* Exercise objective
Could you reproduce the lines below from the one with "move: (y - x) => u." through the one with "exists (Num.min 1"? Keep both ends and add nothing.

══ Input data ══

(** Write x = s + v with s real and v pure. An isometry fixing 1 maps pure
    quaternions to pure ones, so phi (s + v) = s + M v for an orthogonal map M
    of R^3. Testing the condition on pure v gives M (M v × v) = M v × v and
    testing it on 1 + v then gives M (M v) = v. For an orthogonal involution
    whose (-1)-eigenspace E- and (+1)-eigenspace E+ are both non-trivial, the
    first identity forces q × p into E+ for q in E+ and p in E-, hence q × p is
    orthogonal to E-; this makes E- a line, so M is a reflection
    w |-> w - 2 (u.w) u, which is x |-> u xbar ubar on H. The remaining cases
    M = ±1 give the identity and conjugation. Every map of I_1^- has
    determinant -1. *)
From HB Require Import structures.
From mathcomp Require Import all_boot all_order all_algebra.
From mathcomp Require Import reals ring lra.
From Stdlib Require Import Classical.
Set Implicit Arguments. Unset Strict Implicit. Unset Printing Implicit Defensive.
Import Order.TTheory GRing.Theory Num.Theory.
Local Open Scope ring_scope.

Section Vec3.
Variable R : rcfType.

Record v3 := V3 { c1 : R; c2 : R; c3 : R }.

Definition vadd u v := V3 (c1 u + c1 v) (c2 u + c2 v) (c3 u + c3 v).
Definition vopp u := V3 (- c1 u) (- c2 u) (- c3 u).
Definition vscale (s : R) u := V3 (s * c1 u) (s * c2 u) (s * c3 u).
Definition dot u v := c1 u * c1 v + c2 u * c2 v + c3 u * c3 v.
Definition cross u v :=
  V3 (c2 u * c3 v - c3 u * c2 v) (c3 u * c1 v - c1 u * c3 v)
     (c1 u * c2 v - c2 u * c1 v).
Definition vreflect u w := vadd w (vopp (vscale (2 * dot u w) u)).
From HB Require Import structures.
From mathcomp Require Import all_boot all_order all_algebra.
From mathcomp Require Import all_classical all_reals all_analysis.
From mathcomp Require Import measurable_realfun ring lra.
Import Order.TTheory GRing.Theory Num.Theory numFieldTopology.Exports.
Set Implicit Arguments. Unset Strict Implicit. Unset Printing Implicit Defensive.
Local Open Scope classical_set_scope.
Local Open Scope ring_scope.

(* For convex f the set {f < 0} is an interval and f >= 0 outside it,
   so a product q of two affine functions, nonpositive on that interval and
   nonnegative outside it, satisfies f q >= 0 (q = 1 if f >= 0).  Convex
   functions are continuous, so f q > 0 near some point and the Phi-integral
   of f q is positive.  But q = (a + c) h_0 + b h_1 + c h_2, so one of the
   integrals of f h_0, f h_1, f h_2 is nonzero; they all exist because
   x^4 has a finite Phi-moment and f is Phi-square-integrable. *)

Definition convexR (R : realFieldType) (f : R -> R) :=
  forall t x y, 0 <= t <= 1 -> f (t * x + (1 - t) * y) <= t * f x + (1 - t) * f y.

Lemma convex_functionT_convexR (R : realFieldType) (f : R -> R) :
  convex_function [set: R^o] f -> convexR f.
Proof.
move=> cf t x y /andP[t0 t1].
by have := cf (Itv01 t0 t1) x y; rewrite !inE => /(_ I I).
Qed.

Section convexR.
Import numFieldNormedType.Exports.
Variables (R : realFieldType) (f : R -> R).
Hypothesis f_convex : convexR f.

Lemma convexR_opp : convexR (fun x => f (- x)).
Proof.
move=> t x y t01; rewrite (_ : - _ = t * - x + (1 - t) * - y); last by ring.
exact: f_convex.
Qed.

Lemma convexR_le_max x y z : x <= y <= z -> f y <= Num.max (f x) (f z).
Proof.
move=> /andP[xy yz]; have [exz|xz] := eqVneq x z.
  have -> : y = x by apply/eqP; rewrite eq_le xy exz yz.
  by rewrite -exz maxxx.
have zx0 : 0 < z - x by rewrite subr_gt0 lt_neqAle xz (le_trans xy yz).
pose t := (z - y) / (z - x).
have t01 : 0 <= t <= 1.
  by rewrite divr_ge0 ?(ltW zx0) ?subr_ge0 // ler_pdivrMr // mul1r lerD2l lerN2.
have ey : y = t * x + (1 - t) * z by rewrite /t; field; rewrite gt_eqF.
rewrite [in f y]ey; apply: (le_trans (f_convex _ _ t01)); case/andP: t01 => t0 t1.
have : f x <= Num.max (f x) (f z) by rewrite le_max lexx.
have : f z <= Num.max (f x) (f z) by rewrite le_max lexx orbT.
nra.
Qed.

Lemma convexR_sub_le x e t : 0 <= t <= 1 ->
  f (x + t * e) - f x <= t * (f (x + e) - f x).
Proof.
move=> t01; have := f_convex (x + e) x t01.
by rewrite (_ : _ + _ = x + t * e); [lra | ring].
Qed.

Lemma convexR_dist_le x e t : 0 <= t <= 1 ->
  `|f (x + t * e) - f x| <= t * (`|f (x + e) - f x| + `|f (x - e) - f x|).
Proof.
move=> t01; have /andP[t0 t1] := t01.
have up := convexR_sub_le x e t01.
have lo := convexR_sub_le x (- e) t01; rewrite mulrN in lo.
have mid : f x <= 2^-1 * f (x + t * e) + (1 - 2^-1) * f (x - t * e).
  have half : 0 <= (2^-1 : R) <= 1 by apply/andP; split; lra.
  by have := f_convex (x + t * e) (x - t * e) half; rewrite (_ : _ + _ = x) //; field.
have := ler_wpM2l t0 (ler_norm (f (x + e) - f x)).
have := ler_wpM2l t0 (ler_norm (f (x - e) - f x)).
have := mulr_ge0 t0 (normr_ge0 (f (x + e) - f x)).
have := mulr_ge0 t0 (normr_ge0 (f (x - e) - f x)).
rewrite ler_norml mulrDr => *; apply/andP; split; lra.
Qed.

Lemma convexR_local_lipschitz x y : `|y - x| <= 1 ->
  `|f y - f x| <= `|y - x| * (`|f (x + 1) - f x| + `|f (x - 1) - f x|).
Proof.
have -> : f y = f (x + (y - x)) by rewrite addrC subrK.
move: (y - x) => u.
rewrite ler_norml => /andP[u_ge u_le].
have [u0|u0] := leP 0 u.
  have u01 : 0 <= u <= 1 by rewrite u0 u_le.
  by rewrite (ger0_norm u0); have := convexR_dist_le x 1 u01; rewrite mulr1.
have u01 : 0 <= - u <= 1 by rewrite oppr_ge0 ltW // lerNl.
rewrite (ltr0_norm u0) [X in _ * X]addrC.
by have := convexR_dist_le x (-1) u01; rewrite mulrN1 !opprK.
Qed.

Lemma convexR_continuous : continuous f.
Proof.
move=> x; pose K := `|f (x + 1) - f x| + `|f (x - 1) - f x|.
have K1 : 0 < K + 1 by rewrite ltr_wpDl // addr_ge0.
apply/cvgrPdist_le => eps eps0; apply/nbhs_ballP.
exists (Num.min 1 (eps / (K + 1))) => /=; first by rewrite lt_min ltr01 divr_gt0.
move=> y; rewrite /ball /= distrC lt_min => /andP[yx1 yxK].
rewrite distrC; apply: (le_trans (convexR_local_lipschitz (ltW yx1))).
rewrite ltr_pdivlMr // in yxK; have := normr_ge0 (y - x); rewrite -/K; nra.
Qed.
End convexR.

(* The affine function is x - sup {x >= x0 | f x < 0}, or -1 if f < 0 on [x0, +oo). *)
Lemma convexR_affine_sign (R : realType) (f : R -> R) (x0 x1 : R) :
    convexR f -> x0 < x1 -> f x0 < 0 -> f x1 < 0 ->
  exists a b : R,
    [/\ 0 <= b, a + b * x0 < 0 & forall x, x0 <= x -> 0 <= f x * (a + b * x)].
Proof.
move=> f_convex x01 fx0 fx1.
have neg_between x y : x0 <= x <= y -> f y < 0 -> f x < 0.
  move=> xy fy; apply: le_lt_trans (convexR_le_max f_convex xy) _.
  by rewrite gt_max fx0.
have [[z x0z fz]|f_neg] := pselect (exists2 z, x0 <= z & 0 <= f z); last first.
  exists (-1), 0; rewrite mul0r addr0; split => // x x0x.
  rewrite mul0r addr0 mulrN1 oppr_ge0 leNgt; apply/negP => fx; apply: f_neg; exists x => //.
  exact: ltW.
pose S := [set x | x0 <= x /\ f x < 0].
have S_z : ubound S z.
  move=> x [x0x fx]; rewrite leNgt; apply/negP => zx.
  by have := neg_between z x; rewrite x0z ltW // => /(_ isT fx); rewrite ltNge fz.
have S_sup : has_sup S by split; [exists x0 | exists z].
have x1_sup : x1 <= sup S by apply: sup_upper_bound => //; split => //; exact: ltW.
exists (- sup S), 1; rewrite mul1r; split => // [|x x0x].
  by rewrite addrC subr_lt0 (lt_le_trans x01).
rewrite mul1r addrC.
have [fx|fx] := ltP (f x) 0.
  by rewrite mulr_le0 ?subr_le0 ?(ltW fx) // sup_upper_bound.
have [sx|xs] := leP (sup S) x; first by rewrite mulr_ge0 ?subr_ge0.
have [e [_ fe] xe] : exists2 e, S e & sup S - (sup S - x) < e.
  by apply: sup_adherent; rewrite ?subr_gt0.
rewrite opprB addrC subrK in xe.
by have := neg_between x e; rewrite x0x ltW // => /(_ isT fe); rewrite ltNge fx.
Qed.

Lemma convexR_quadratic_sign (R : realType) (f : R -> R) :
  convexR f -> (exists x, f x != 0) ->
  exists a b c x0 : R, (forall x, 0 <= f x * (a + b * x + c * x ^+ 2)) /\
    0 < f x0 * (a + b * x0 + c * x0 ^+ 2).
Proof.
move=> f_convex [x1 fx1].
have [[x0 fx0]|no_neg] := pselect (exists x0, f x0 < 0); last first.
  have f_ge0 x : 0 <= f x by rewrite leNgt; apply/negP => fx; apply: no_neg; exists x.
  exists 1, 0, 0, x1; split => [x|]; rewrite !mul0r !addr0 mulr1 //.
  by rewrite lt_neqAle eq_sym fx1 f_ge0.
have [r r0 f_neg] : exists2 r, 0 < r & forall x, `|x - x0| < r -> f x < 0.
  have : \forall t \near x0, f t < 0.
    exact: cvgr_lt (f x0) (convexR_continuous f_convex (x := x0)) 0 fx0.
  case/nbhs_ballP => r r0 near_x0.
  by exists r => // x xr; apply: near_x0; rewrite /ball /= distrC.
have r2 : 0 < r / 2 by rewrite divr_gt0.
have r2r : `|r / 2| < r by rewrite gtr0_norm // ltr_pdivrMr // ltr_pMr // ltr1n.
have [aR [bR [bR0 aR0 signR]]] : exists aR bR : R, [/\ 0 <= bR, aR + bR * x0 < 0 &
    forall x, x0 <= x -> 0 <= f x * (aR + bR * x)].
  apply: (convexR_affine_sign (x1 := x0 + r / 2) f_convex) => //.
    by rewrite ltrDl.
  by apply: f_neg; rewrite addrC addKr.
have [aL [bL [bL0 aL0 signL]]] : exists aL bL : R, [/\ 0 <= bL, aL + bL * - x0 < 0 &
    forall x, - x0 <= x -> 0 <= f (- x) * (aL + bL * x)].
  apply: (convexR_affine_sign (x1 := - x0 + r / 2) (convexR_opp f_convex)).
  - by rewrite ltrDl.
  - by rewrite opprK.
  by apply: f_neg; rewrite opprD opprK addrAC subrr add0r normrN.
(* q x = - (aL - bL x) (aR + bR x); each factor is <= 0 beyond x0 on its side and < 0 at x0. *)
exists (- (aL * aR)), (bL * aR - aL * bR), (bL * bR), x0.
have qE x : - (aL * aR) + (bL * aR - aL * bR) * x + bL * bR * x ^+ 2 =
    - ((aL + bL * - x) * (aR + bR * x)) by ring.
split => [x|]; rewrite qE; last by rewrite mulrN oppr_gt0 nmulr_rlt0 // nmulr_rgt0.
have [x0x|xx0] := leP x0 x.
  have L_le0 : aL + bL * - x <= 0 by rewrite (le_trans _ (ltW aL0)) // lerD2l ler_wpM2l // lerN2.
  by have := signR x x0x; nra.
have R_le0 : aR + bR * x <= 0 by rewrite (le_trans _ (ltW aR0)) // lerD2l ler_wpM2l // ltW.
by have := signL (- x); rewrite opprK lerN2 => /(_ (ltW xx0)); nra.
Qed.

═══

* Answer for this exercise
move: (y - x) => u.
rewrite ler_norml => /andP[u_ge u_le].
have [u0|u0] := leP 0 u.
  have u01 : 0 <= u <= 1 by rewrite u0 u_le.
  by rewrite (ger0_norm u0); have := convexR_dist_le x 1 u01; rewrite mulr1.
have u01 : 0 <= - u <= 1 by rewrite oppr_ge0 ltW // lerNl.
rewrite (ltr0_norm u0) [X in _ * X]addrC.
by have := convexR_dist_le x (-1) u01; rewrite mulrN1 !opprK.
Qed.

Lemma convexR_continuous : continuous f.
Proof.
move=> x; pose K := `|f (x + 1) - f x| + `|f (x - 1) - f x|.
have K1 : 0 < K + 1 by rewrite ltr_wpDl // addr_ge0.
apply/cvgrPdist_le => eps eps0; apply/nbhs_ballP.
exists (Num.min 1 (eps / (K + 1))) => /=; first by rewrite lt_min ltr01 divr_gt0.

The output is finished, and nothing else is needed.